#### Dataset content

(* Let $g:\{0,1\}^n\to\{0,1\}^{n+1}$ be a super-bit, and define $f(x)=g(x)[1\ldots n]$ and $b(x)=g(x)[n+1]$ (so $g(x)=f(x)b(x)$). Then $b$ is a super-core of $f$, and $f$ is computable by polynomial-size circuits.
   Context: $U_k$ is uniform on $\{0,1\}^k$. A generator $g:\{0,1\}^n\to\{0,1\}^{n+1}$ computable by polynomial-size circuits is a super-bit if for every nondeterministic polynomial-size circuit family $D$ (accepting iff some witness gives output 1), every polynomial $p$ and all sufficiently large $n$, $\Pr[D(U_{n+1})=1]-\Pr[D(g(U_n))=1]<1/p(n)$. A predicate $b$ computable by polynomial-size circuits is a super-core of $f:\{0,1\}^n\to\{0,1\}^{m(n)}$ if there do not exist a nondeterministic polynomial-size circuit family $\mathcal{A}_1$, a co-nondeterministic polynomial-size circuit family $\mathcal{A}_2$ (rejecting iff some witness gives output 0), a polynomial $p$ and infinitely many $n$ such that either $\Pr_{x\in\{0,1\}^n}[\mathcal{A}_1(f(x),1^n)=b(x)=0]+\tfrac12\Pr_{y\in\{0,1\}^{m(n)}}[\mathcal{A}_1(y,1^n)=1]\ge \tfrac12+\tfrac1{p(n)}$ or $\Pr_{x}[\mathcal{A}_2(f(x),1^n)=b(x)=1]+\tfrac12\Pr_{y}[\mathcal{A}_2(y,1^n)=0]\ge \tfrac12+\tfrac1{p(n)}$. *)

From mathcomp Require Import all_boot all_order all_algebra.
Set Implicit Arguments. Unset Strict Implicit. Unset Printing Implicit Defensive.
Import Order.TTheory GRing.Theory Num.Theory.
Local Open Scope ring_scope.

Definition npoly := seq nat.
Definition peval (p : npoly) (n : nat) : nat :=
  \sum_(i < size p) (nth 0 p i * n ^ i)%N.
(* non-zero polynomial (hence positive for n >= 1) *)
Definition nonzero_poly (p : npoly) : bool := has (fun c => 0 < c)%N p.

(* Wires 0..k-1 are the inputs; the i-th gate defines wire k+i and may refer
   to earlier wires (references to undefined wires read as false). *)
Inductive gate :=
| GConst of bool
| GNot of nat
| GAnd of nat & nat
| GOr of nat & nat.

Record circuit := Circuit { gates : seq gate; outs : seq nat }.

Definition csize (C : circuit) : nat := size (gates C).

Definition gate_val (ws : seq bool) (g : gate) : bool :=
  match g with
  | GConst b => b
  | GNot i => ~~ nth false ws i
  | GAnd i j => nth false ws i && nth false ws j
  | GOr i j => nth false ws i || nth false ws j
  end.

Definition wires (C : circuit) (x : seq bool) : seq bool :=
  foldl (fun ws g => rcons ws (gate_val ws g)) x (gates C).

Definition ceval (C : circuit) (x : seq bool) : seq bool :=
  map (nth false (wires C x)) (outs C).

Definition cout (C : circuit) (x : seq bool) : bool := head false (ceval C x).

Definition poly_size (C : nat -> circuit) : Prop :=
  exists p : npoly, forall n, (csize (C n) <= peval p n)%N.

Definition poly_computable (k m : nat -> nat)
  (F : forall n, (k n).-tuple bool -> (m n).-tuple bool) : Prop :=
  exists C : nat -> circuit, poly_size C /\
    forall n (x : (k n).-tuple bool), ceval (C n) x = val (F n x).

Arguments poly_computable k m F : clear implicits.

Definition poly_computable_pred (k : nat -> nat)
  (F : forall n, (k n).-tuple bool -> bool) : Prop :=
  exists C : nat -> circuit, poly_size C /\
    forall n (x : (k n).-tuple bool), cout (C n) x = F n x.

Arguments poly_computable_pred k F : clear implicits.

(* The n-th member takes the actual input followed by a witness of length
   wit n; size and witness length are polynomially bounded. *)
Record ncfam := NCFam { ncirc : nat -> circuit; nwit : nat -> nat }.

Definition poly_ncfam (D : ncfam) : Prop :=
  exists p : npoly, forall n,
    (csize (ncirc D n) <= peval p n)%N /\ (nwit D n <= peval p n)%N.

Definition nd_out (D : ncfam) (n : nat) (x : seq bool) : bool :=
  [exists w : (nwit D n).-tuple bool, cout (ncirc D n) (x ++ w)].

Definition cond_out (D : ncfam) (n : nat) (x : seq bool) : bool :=
  ~~ [exists w : (nwit D n).-tuple bool, ~~ cout (ncirc D n) (x ++ w)].

Definition prob (k : nat) (P : pred (k.-tuple bool)) : rat :=
  (#|P|)%:R / (2 ^ k)%:R.

Definition super_bit (g : forall n, n.-tuple bool -> n.+1.-tuple bool) : Prop :=
  poly_computable (fun n => n) (fun n => n.+1) g /\
  forall D : ncfam, poly_ncfam D ->
  forall p : npoly, nonzero_poly p ->
  exists N, forall n, (N <= n)%N ->
    prob (fun y : n.+1.-tuple bool => nd_out D n y)
    - prob (fun x : n.-tuple bool => nd_out D n (g n x))
    < 1 / (peval p n)%:R.

Definition super_core (m : nat -> nat)
  (f : forall n, n.-tuple bool -> (m n).-tuple bool)
  (b : forall n, n.-tuple bool -> bool) : Prop :=
  poly_computable_pred (fun n => n) b /\
  ~ exists (A1 A2 : ncfam) (p : npoly),
      [/\ poly_ncfam A1, poly_ncfam A2, nonzero_poly p &
      forall N, exists n, (N <= n)%N /\
        ( prob (fun x : n.-tuple bool => ~~ nd_out A1 n (f n x) && ~~ b n x)
          + 1 / 2 * prob (fun y : (m n).-tuple bool => nd_out A1 n y)
          >= 1 / 2 + 1 / (peval p n)%:R
        \/
          prob (fun x : n.-tuple bool => cond_out A2 n (f n x) && b n x)
          + 1 / 2 * prob (fun y : (m n).-tuple bool => ~~ cond_out A2 n y)
          >= 1 / 2 + 1 / (peval p n)%:R )].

########

● Exercise prompt
Return only the stretch of the material above from the line holding "Local Open Scope ring_scope." through the line holding "forall n (x : (k n).-tuple bool), cout", copied exactly.

● Solution for this task
Local Open Scope ring_scope.

Definition npoly := seq nat.
Definition peval (p : npoly) (n : nat) : nat :=
  \sum_(i < size p) (nth 0 p i * n ^ i)%N.
(* non-zero polynomial (hence positive for n >= 1) *)
Definition nonzero_poly (p : npoly) : bool := has (fun c => 0 < c)%N p.

(* Wires 0..k-1 are the inputs; the i-th gate defines wire k+i and may refer
   to earlier wires (references to undefined wires read as false). *)
Inductive gate :=
| GConst of bool
| GNot of nat
| GAnd of nat & nat
| GOr of nat & nat.

Record circuit := Circuit { gates : seq gate; outs : seq nat }.

Definition csize (C : circuit) : nat := size (gates C).

Definition gate_val (ws : seq bool) (g : gate) : bool :=
  match g with
  | GConst b => b
  | GNot i => ~~ nth false ws i
  | GAnd i j => nth false ws i && nth false ws j
  | GOr i j => nth false ws i || nth false ws j
  end.

Definition wires (C : circuit) (x : seq bool) : seq bool :=
  foldl (fun ws g => rcons ws (gate_val ws g)) x (gates C).

Definition ceval (C : circuit) (x : seq bool) : seq bool :=
  map (nth false (wires C x)) (outs C).

Definition cout (C : circuit) (x : seq bool) : bool := head false (ceval C x).

Definition poly_size (C : nat -> circuit) : Prop :=
  exists p : npoly, forall n, (csize (C n) <= peval p n)%N.

Definition poly_computable (k m : nat -> nat)
  (F : forall n, (k n).-tuple bool -> (m n).-tuple bool) : Prop :=
  exists C : nat -> circuit, poly_size C /\
    forall n (x : (k n).-tuple bool), ceval (C n) x = val (F n x).

Arguments poly_computable k m F : clear implicits.

Definition poly_computable_pred (k : nat -> nat)
  (F : forall n, (k n).-tuple bool -> bool) : Prop :=
  exists C : nat -> circuit, poly_size C /\
    forall n (x : (k n).-tuple bool), cout (C n) x = F n x.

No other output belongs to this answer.